CFOs’ outlook for business over the next 12 months declined for the third consecutive month in August, shedding another 2 percent down to 6.8 out of 10 on our 10-point scale. That’s the lowest the CFO Confidence Index has been since November 2020, when volatility spiked due to uncertainty surrounding Covid vaccines and the U.S. presidential election. The leading indicator is now down 12 percent from its April high. 

CFOs’ assessment of current conditions is also down, to 6.65/10 from 6.72 in July. Covid variants, supply chain issues, labor shortages and inflationary pressures are all cited as reasons for the declining confidence. 

Those are the key findings from StrategicCFO360’s August reading of CFO confidence, conducted among 142 senior finance executives between August 23-26. America’s finance chiefs’ assessment of business conditions is now in line with that of CEOs, who also rated their outlook for business a 6.8 out of 10 when polled earlier this month. 

CFOs are slightly more hopeful than CEOs, however, with 43 percent expecting conditions to have improved by this time next year. Only 34 percent of CEOs feel the same. The most optimistic of the C-Suite? CIOs, with 59 percent who forecasted improvements in the business environment over the next 12 months. 

Vandana Kapur, CFO at the Indiana Chamber of Commerce, explains her optimism: “Consumers have purchasing power with the infusion of cash. [They’ve] been couped up at home due to the pandemic so they’re looking for an outlet. This leads to companies increasing pricing to meet demand and thus causing the outlook to be positive,” she says, giving future business conditions a rating of 9 out of 10. 

Heather Morrison, finance director at Raleigh, NC-based Media Two Interactive, says she also expects conditions to improve—to a 7/10 by August 2022—but “turnaround will be slow and complicated by the ongoing health crisis,” she says, adding that the main challenge at this time is the labor market, finding “both available and willing talent.” 

She is far from alone in that view. Many CFOs participating in our poll cited lack of skilled workers as one of the main challenges to their organization’s growth. Overall, 61 percent say they plan to add to their workforce over the coming year—although whether they will be able to find the talent they need remains uncertain, they say. 

Issues with supply chains are also a concern for several CFOs, who say it is causing sales to slow. 

Clients are eager to spend capital to get large projects moving, however supply issues will likely check some of the demand, at least in the first half of 2022,” said a healthcare CFO at a midsize organization. 

“Disposable income will support consumer spend while supply chain issues will create volatility and suboptimize total performance,” echoed the CFO of a large manufacturer in the Midwest. 

CFOs across nearly all sectors said supply chain disruptions are impacting their outlook to varying degrees. When asked to rate the extent of the challenges these disruptions are posing for the business, CFOs gave them a 7 out of 10, with 24 percent saying they had invested much greater resources (50 percent+) in increasing resilience in their supply chain and reducing their exposure to this risk so far this year.  

“We increased our inventories earlier this year when supply issues first started,” said the CFO of a medical device manufacturer on the issue.

Forecasting for the Year Ahead 

The proportion of CFOs forecasting increases in revenues and profits fell in August, down 11 and 14 percent to 75 and 65 percent respectively, from 84 and 75 percent the month prior. These numbers are the lowest they’ve been all year—and since November 2020. 

The proportion of CFOs forecasting increases in capital expenditures also decreased this month, down 10 percentage points to 51 percent from 61 percent in July.  

One area where CFOs are planning for an increase is among employee ranks: 61 percent say they expect to increase hiring over the coming year, compared to 59 percent in July. 

Sector & Size View 

StrategicCFO360’s August reading of CFO confidence shows wide variations depending on sector. Financial Services CFOs, for instance, reported a 22 percent increase in optimism on the belief that current issues facing business will normalize over the short term, while their healthcare peers experienced a 26 percent decline, which they attribute to high levels of uncertainty on many fronts—but mainly with respect to Covid. 

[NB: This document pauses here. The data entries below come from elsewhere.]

(* Let $\mathbb{L}/\mathbb{K}$ be a finite Galois extension of degree $N$ whose Galois group $G$ is abelian, let $\mathcal{C}\subseteq\mathbb{L}[G]$ be an $\mathbb{L}$-linear subspace, and let $\mathcal{B}$ be an ordered $\mathbb{K}$-basis of $\mathbb{L}$ with trace-dual basis $\mathcal{B}^*$. Then $\mathcal{C}^\perp(\mathcal{B})=\big(\mathcal{C}(\mathcal{B}^* )\big)^\perp$, where on the left $\perp$ is taken in $\mathbb{L}[G]$ with respect to $\langle\cdot,\cdot\rangle_{\mathbb{L}[G]}$ and on the right in $\mathbb{L}^N$ with respect to the standard inner product $\mathbf{u}\cdot\mathbf{v}^\top$.
   Context: Elements $a=\sum_g a_g g\in\mathbb{L}[G]$ act on $\mathbb{L}$ by $x\mapsto\sum_g a_gg(x)$. For $\mathbf{b}=(b_1,\dots,b_N)\in\mathbb{L}^N$, $\mathrm{ev}_\mathbf{b}(a)=(a(b_1),\dots,a(b_N))$, and for $\mathcal{C}\subseteq\mathbb{L}[G]$, $\mathcal{C}(\mathbf{b})=\{\mathrm{ev}_\mathbf{b}(c):c\in\mathcal{C}\}$. The bilinear form on $\mathbb{L}[G]$ is $\langle\sum_ga_gg,\sum_gb_gg\rangle_{\mathbb{L}[G]}=\sum_g a_gb_g$, and $\mathcal{C}^\perp=\{a\in\mathbb{L}[G]:\langle a,b\rangle_{\mathbb{L}[G]}=0\ \forall b\in\mathcal{C}\}$. The trace-dual basis $\mathcal{B}^*=(b_1^*,\dots,b_N^* )$ satisfies $\mathrm{Tr}_{\mathbb{L}/\mathbb{K}}(b_ib_j^* )=\delta_{i,j}$ with $\mathrm{Tr}_{\mathbb{L}/\mathbb{K}}(x)=\sum_{g\in G}g(x)$. *)

From HB Require Import structures.
From mathcomp Require Import all_boot all_order all_algebra all_fingroup all_field.
Set Implicit Arguments. Unset Strict Implicit. Unset Printing Implicit Defensive.
Import GRing.Theory.
Local Open Scope ring_scope.

(* Elements of the group algebra L[G] are modelled as finite functions
   a : {ffun gal_of {:L} -> L} with a g = 0 for g outside G
   (a = sum_{g in G} a g * g). *)

Section Defs.
Variables (F : fieldType) (L : splittingFieldType F) (K : {subfield L}).

Definition grpalg := {ffun gal_of {:L} -> L}.

Definition inLG (a : grpalg) : Prop :=
  forall g : gal_of {:L}, g \notin 'Gal({:L} / K)%g -> a g = 0.

Definition gaction (a : grpalg) (x : L) : L :=
  \sum_(g in 'Gal({:L} / K)%g) a g * g x.

Definition evb (N : nat) (b : 'I_N -> L) (a : grpalg) : 'rV[L]_N :=
  \row_i gaction a (b i).

Definition LGform (a c : grpalg) : L :=
  \sum_(g in 'Gal({:L} / K)%g) a g * c g.

Definition LG_subspace (C : grpalg -> Prop) : Prop :=
  (forall a, C a -> inLG a) /\
  C [ffun => 0] /\
  (forall (l : L) a c, C a -> C c -> C [ffun g => l * a g + c g]).

Definition LGperp (C : grpalg -> Prop) (a : grpalg) : Prop :=
  inLG a /\ forall c, C c -> LGform a c = 0.

Definition evset (N : nat) (b : 'I_N -> L) (C : grpalg -> Prop)
    (v : 'rV[L]_N) : Prop :=
  exists c, C c /\ v = evb b c.

Definition is_K_basis (N : nat) (b : 'I_N -> L) : Prop :=
  (forall x : L, exists c : 'I_N -> L,
      (forall i, c i \in K) /\ x = \sum_i c i * b i) /\
  (forall c : 'I_N -> L, (forall i, c i \in K) ->
      \sum_i c i * b i = 0 -> forall i, c i = 0).

Definition trace_dual (N : nat) (b bs : 'I_N -> L) : Prop :=
  forall i j, galTrace K {:L} (b i * bs j) = (i == j)%:R.

Definition dotL (N : nat) (u v : 'rV[L]_N) : L := \sum_i u 0 i * v 0 i.

Definition vecperp (N : nat) (V : 'rV[L]_N -> Prop) (u : 'rV[L]_N) : Prop :=
  forall v, V v -> dotL u v = 0.

End Defs.

From mathcomp Require Import all_boot all_order all_algebra all_fingroup all_field.
Set Implicit Arguments. Unset Strict Implicit. Unset Printing Implicit Defensive.
Local Open Scope ring_scope.
Import GRing.Theory.

(* Enumerate G = Gal(L/K) as e_0, ..., e_(|G|-1).  An element
   a of L[G] is then its coefficient row vector (a(e_k))_k, and evaluation
   at a tuple b is right multiplication by the "evaluation matrix"
   M_b = (e_k(b_i))_(k,i):  ev_b(a) = coeffs(a) M_b.  The trace-dual
   condition Tr(b_i b*_j) = delta_ij says exactly M_b^T M_(b* ) = 1; since L/K
   is Galois, |G| = N, so the matrices are square and also M_b M_(b* )^T = 1.
   Two consequences give the theorem:
   - the duality formula ev_b(a) . ev_(b* )(c) = <a, c>_(L[G]), which yields
     the inclusion C^perp(b) <= (C(b* ))^perp;
   - ev_b is onto L^N, with explicit preimage of u the element
     g |-> sum_i u_i g(b*_i), which by the duality formula lies in C^perp
     as soon as u lies in (C(b* ))^perp. *)

Section EvaluationMatrices.
Variables (F : fieldType) (L : splittingFieldType F) (K : {subfield L}).

Local Notation G := 'Gal({:L} / K)%g.

Let e : 'I_#|G| -> gal_of {:L} := @enum_val _ (mem G).

Definition coeffs (a : grpalg L) : 'rV[L]_#|G| := \row_k a (e k).

Definition evmx (N : nat) (b : 'I_N -> L) : 'M[L]_(#|G|, N) :=
  \matrix_(k, i) e k (b i).

Lemma evb_mx (N : nat) (b : 'I_N -> L) (a : grpalg L) :
  evb K b a = coeffs a *m evmx b.
Proof.
apply/rowP => i; rewrite !mxE /gaction.
rewrite (big_enum_val (fun g : gal_of {:L} => a g * g (b i))).
by apply: eq_bigr => k _; rewrite !mxE.
Qed.

Lemma dotL_mx (N : nat) (x y : 'rV[L]_N) : dotL x y = (x *m y^T) 0 0.
Proof. by rewrite !mxE; apply: eq_bigr => i _; rewrite !mxE. Qed.

Lemma LGform_mx (a c : grpalg L) :
  LGform K a c = (coeffs a *m (coeffs c)^T) 0 0.
Proof.
rewrite /LGform (big_enum_val (fun g : gal_of {:L} => a g * c g)) !mxE.
by apply: eq_bigr => k _; rewrite !mxE.
Qed.

Lemma trace_dual_mx (N : nat) (b bs : 'I_N -> L) :
  trace_dual K b bs -> (evmx b)^T *m evmx bs = 1%:M.
Proof.
move=> dual_b; apply/matrixP => i j; rewrite !mxE -dual_b /galTrace.
rewrite (big_enum_val (fun g : gal_of {:L} => g (b i * bs j))).
by apply: eq_bigr => k _; rewrite !mxE rmorphM.
Qed.

(* When N = |G| the evaluation matrices are square, so the dual relation
   also holds in the other order. *)
Lemma trace_dual_mx_sym (b bs : 'I_#|G| -> L) :
  trace_dual K b bs -> evmx b *m (evmx bs)^T = 1%:M.
Proof.
move=> dual_b; rewrite -[evmx b]trmxK -trmx_mul mulmx1C ?trmx1 //.
exact: trace_dual_mx.
Qed.

Lemma ev_dual_pairing (b bs : 'I_#|G| -> L) (a c : grpalg L) :
  trace_dual K b bs -> dotL (evb K b a) (evb K bs c) = LGform K a c.
Proof.
move=> dual_b; rewrite dotL_mx LGform_mx !evb_mx trmx_mul mulmxA.
by rewrite -(mulmxA _ (evmx b)) trace_dual_mx_sym // mulmx1.
Qed.

Definition dual_preimage (N : nat) (bs : 'I_N -> L) (u : 'rV[L]_N) :
    grpalg L :=
  [ffun g => if g \in G then \sum_i u 0 i * g (bs i) else 0].

Lemma dual_preimage_inLG (N : nat) (bs : 'I_N -> L) (u : 'rV[L]_N) :
  inLG K (dual_preimage bs u).
Proof. by move=> g /negbTE notGg; rewrite ffunE notGg. Qed.

Lemma evb_dual_preimage (b bs : 'I_#|G| -> L) (u : 'rV[L]_#|G|) :
  trace_dual K b bs -> evb K b (dual_preimage bs u) = u.
Proof.
move=> dual_b.
have coeffs_preimage : coeffs (dual_preimage bs u) = u *m (evmx bs)^T.
  apply/rowP => k; rewrite !mxE ffunE enum_valP.
  by apply: eq_bigr => i _; rewrite !mxE.
rewrite evb_mx coeffs_preimage -mulmxA -[_ *m evmx b]trmxK trmx_mul trmxK.
by rewrite trace_dual_mx // trmx1 mulmx1.
Qed.

End EvaluationMatrices.

Theorem mainTheorem10 (F : fieldType) (L : splittingFieldType F)
  (K : {subfield L}) (N : nat) (B Bs : 'I_N -> L)
  (C : grpalg L -> Prop) :
  galois K {:L} ->
  abelian 'Gal({:L} / K)%g ->
  \dim_K {:L} = N ->
  LG_subspace K C ->
  is_K_basis K B ->
  trace_dual K B Bs ->
  forall u : 'rV[L]_N,
    evset K B (LGperp K C) u <-> vecperp (evset K Bs C) u.
Proof.
move=> galKL _ dimL _ _ dual_B u.
rewrite galois_dim // in dimL; subst N.
split.
- move=> [a [[_ perp_a] ->]] v [c [Cc ->]].
  by rewrite ev_dual_pairing // perp_a.
- move=> perp_u; exists (dual_preimage K Bs u).
  rewrite evb_dual_preimage //; split=> //; split.
    exact: dual_preimage_inLG.
  move=> c Cc; rewrite -(ev_dual_pairing _ _ dual_B) evb_dual_preimage //.
  by apply: perp_u; exists c.
Qed.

Real estate CFOs also reported a significant increase in their assessment of future conditions this month, +20 percent since July to 7.2 out of 10. They say they believe that by this time next year, “Covid will be gone.” 

The lowest rating received this month (5.4/10) comes from pharma CFOs, who say inflation is a top concern along with labor shortages. 

When looking at forecasts by company size (by annual revenues), sentiment is fairly flat across all groups this month, with larger company CFOs reporting greater confidence in future business conditions. They note, among other things, the stabilization of supply chain disruptions and a return to employment once government support programs expire as the main reasons for their optimism in the business environment one year from now. 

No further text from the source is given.